Return every line in the entries below where the word "Definition" shows up.

(Input data begins)

(* Let $\mathbf{L}=(L,\le)$ be a finite nontrivial join-semilattice with greatest element $1$ and let $(R,\vee,\circ)$ be a subsemiring of $(\mathrm{JM}(\mathbf{L}),\vee,\circ)$ such that $k_a\in R$ for all $a\in L$, every $f\in R$ satisfies $k_a\le f$ for some $a\in L$, and for all $a\in L$, $b\in L\setminus\{1\}$ there exists $f\in R$ with $f(x)=b$ for $x\le a$ and $f(x)>b$ otherwise. Then $(R,\vee)$ has a neutral element if and only if $\mathbf{L}$ is a lattice. If this neutral element exists, it is left but not right absorbing in $(R,\vee,\circ)$.
   Context: $\mathrm{JM}(\mathbf{L})$ is the set of maps $L\to L$ preserving binary joins, a semiring under pointwise join and composition, ordered pointwise; $k_a$ is the constant map with value $a$. A finite join-semilattice is a lattice iff it has a least element. An element $r$ is right absorbing if $s\circ r=r$ for all $s\in R$, left absorbing if $r\circ s=r$ for all $s\in R$. *)

From mathcomp Require Import all_boot all_order.
Set Implicit Arguments. Unset Strict Implicit. Unset Printing Implicit Defensive.
Import Order.TTheory.
Local Open Scope order_scope.

Section JM.
Context {d : Order.disp_t} {L : finTJoinSemilatticeType d}.

Definition join_morph (f : {ffun L -> L}) : Prop :=
  forall x y : L, f (x `|` y) = f x `|` f y.

Definition fjoin (f g : {ffun L -> L}) : {ffun L -> L} := [ffun x => f x `|` g x].
Definition fcomp (f g : {ffun L -> L}) : {ffun L -> L} := [ffun x => f (g x)].

Definition kconst (a : L) : {ffun L -> L} := [ffun => a].

Definition fle (f g : {ffun L -> L}) : Prop := forall x, f x <= g x.

Definition subsemiring_JM (R : {set {ffun L -> L}}) : Prop :=
  [/\ R != set0,
      (forall f, f \in R -> join_morph f),
      (forall f g, f \in R -> g \in R -> fjoin f g \in R) &
      (forall f g, f \in R -> g \in R -> fcomp f g \in R)].

Definition join_neutral (R : {set {ffun L -> L}}) (e : {ffun L -> L}) : Prop :=
  e \in R /\ forall f, f \in R -> fjoin e f = f /\ fjoin f e = f.

Definition right_absorbing (R : {set {ffun L -> L}}) (r : {ffun L -> L}) : Prop :=
  forall s, s \in R -> fcomp s r = r.
Definition left_absorbing (R : {set {ffun L -> L}}) (r : {ffun L -> L}) : Prop :=
  forall s, s \in R -> fcomp r s = r.

End JM.

Definition is_lattice {d : Order.disp_t} (L : finTJoinSemilatticeType d) : Prop :=
  forall x y : L, exists m : L,
    [/\ m <= x, m <= y & forall z : L, z <= x -> z <= y -> z <= m].

From mathcomp Require Import all_boot all_order.
Import Order.TTheory.
Local Open Scope order_scope.

(* Since R contains every constant map, a neutral element e of (R, join) satisfies
   e x <= a for all x and a, i.e. e is the constant map at the least element of L.
   Conversely, if L has a least element z then k_z lies below every f in R, hence
   is neutral; and a finite join-semilattice has a least element exactly when it is
   a lattice. A constant map is left absorbing, and k_1 o k_z = k_1 <> k_z as soon
   as z <> 1, i.e. as soon as L is nontrivial. *)

Section FiniteJoinSemilattice.
Context {d : Order.disp_t} {L : finTJoinSemilatticeType d}.

Lemma foldr_join_le (z x : L) (s : seq L) :
  z <= x -> {in s, forall w, w <= x} -> foldr Order.join z s <= x.
Proof.
elim: s => [//|a s IHs] zx sx /=.
rewrite leUx sx ?mem_head //; apply: IHs => // w ws.
by apply: sx; rewrite in_cons ws orbT.
Qed.

Lemma le_foldr_join (z w : L) (s : seq L) : w \in s -> w <= foldr Order.join z s.
Proof.
elim: s => [//|a s IHs]; rewrite in_cons => /orP[/eqP ->|ws] /=.
  exact: leUl.
exact/lexUr/IHs.
Qed.

Lemma lattice_lower_bound (s : seq L) :
  is_lattice L -> exists m : L, {in s, forall w, m <= w}.
Proof.
move=> latL; elim: s => [|a s [m ms]]; first by exists \top.
have [m' [m'm m'a _]] := latL m a.
exists m' => w; rewrite in_cons => /orP[/eqP -> //|/ms]; exact: le_trans.
Qed.

(* The meet of x and y is the join, started at the least element, of their common
   lower bounds. *)
Lemma lattice_has_least : is_lattice L <-> exists z : L, forall a, z <= a.
Proof.
split=> [latL|[z zL] x y].
  have [z zL] := lattice_lower_bound (enum L) latL.
  by exists z => a; rewrite zL ?mem_enum.
pose lower := [seq w <- enum L | (w <= x) && (w <= y)].
exists (foldr Order.join z lower); split.
- by apply: foldr_join_le => // w; rewrite mem_filter => /andP[/andP[]].
- by apply: foldr_join_le => // w; rewrite mem_filter => /andP[/andP[]].
- by move=> w wx wy; apply: le_foldr_join; rewrite mem_filter wx wy mem_enum.
Qed.

Lemma least_neq_top {z : L} : (1 < #|L|)%N -> (forall a, z <= a) -> z != \top.
Proof.
move=> cardL zL; apply/eqP => ztop; move: cardL; rewrite ltnNge => /negP; apply.
have all_top (a : L) : a = \top by apply: le_anti; rewrite lex1 -ztop zL.
by apply/fintype_le1P => a b; rewrite (all_top a) (all_top b).
Qed.

End FiniteJoinSemilattice.

Section JoinNeutral.
Context {d : Order.disp_t} {L : finTJoinSemilatticeType d}.
Variable R : {set {ffun L -> L}}.
Hypothesis kconst_in : forall a : L, kconst a \in R.

Lemma join_neutral_le {e : {ffun L -> L}} :
  join_neutral R e -> forall x a, e x <= a.
Proof.
move=> [_ eR] x a; have [eka _] := eR _ (kconst_in a).
have := congr1 (fun f : {ffun L -> L} => f x) eka.
by rewrite /fjoin /kconst !ffunE => /join_idPr.
Qed.

Lemma kconst_join_neutral (z : L) :
  (forall f, f \in R -> exists a : L, fle (kconst a) f) ->
  (forall a, z <= a) -> join_neutral R (kconst z).
Proof.
move=> above_kconst zL; split=> [|f fR]; first exact: kconst_in.
have [a af] := above_kconst f fR.
have zf x : z <= f x by apply: le_trans (zL a) _; have := af x; rewrite ffunE.
by split; apply/ffunP => x; rewrite !ffunE; [apply/join_idPr | apply/join_idPl].
Qed.

Lemma join_neutral_left_absorbing (e : {ffun L -> L}) :
  join_neutral R e -> left_absorbing R e.
Proof.
move=> eN s _; apply/ffunP => x; rewrite ffunE.
by apply: le_anti; rewrite !(join_neutral_le eN).
Qed.

Lemma join_neutral_not_right_absorbing (e : {ffun L -> L}) :
  (1 < #|L|)%N -> join_neutral R e -> ~ right_absorbing R e.
Proof.
move=> cardL eN eR; have := eR _ (kconst_in \top).
move/(congr1 (fun f : {ffun L -> L} => f \top)); rewrite !ffunE => etop.
by move: (least_neq_top cardL (join_neutral_le eN \top)); rewrite -etop eqxx.
Qed.

End JoinNeutral.

Theorem proposition7p2 (d : Order.disp_t) (L : finTJoinSemilatticeType d)
  (R : {set {ffun L -> L}}) :
  (1 < #|L|)%N ->
  subsemiring_JM R ->
  (forall a : L, kconst a \in R) ->
  (forall f, f \in R -> exists a : L, fle (kconst a) f) ->
  (forall a b : L, b != \top -> exists2 f, f \in R &
     forall x : L, (x <= a -> f x = b) /\ (~~ (x <= a) -> b < f x)) ->
  ((exists e, join_neutral R e) <-> is_lattice L) /\
  (forall e, join_neutral R e -> left_absorbing R e /\ ~ right_absorbing R e).
Proof.
move=> cardL _ kconst_in above_kconst _; split; last first.
  move=> e eN; split; first exact: join_neutral_left_absorbing eN.
  exact: join_neutral_not_right_absorbing.
split=> [[e eN]|/lattice_has_least[z zL]].
  by apply/lattice_has_least; exists (e \top); apply: join_neutral_le.
by exists (kconst z); apply: kconst_join_neutral.
Qed.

(Input data ends)

● Worked solution:
Definition join_morph (f : {ffun L -> L}) : Prop :=
Definition fjoin (f g : {ffun L -> L}) : {ffun L -> L} := [ffun x => f x `|` g x].
Definition fcomp (f g : {ffun L -> L}) : {ffun L -> L} := [ffun x => f (g x)].
Definition kconst (a : L) : {ffun L -> L} := [ffun => a].
Definition fle (f g : {ffun L -> L}) : Prop := forall x, f x <= g x.
Definition subsemiring_JM (R : {set {ffun L -> L}}) : Prop :=
Definition join_neutral (R : {set {ffun L -> L}}) (e : {ffun L -> L}) : Prop :=
Definition right_absorbing (R : {set {ffun L -> L}}) (r : {ffun L -> L}) : Prop :=
Definition left_absorbing (R : {set {ffun L -> L}}) (r : {ffun L -> L}) : Prop :=
Definition is_lattice {d : Order.disp_t} (L : finTJoinSemilatticeType d) : Prop :=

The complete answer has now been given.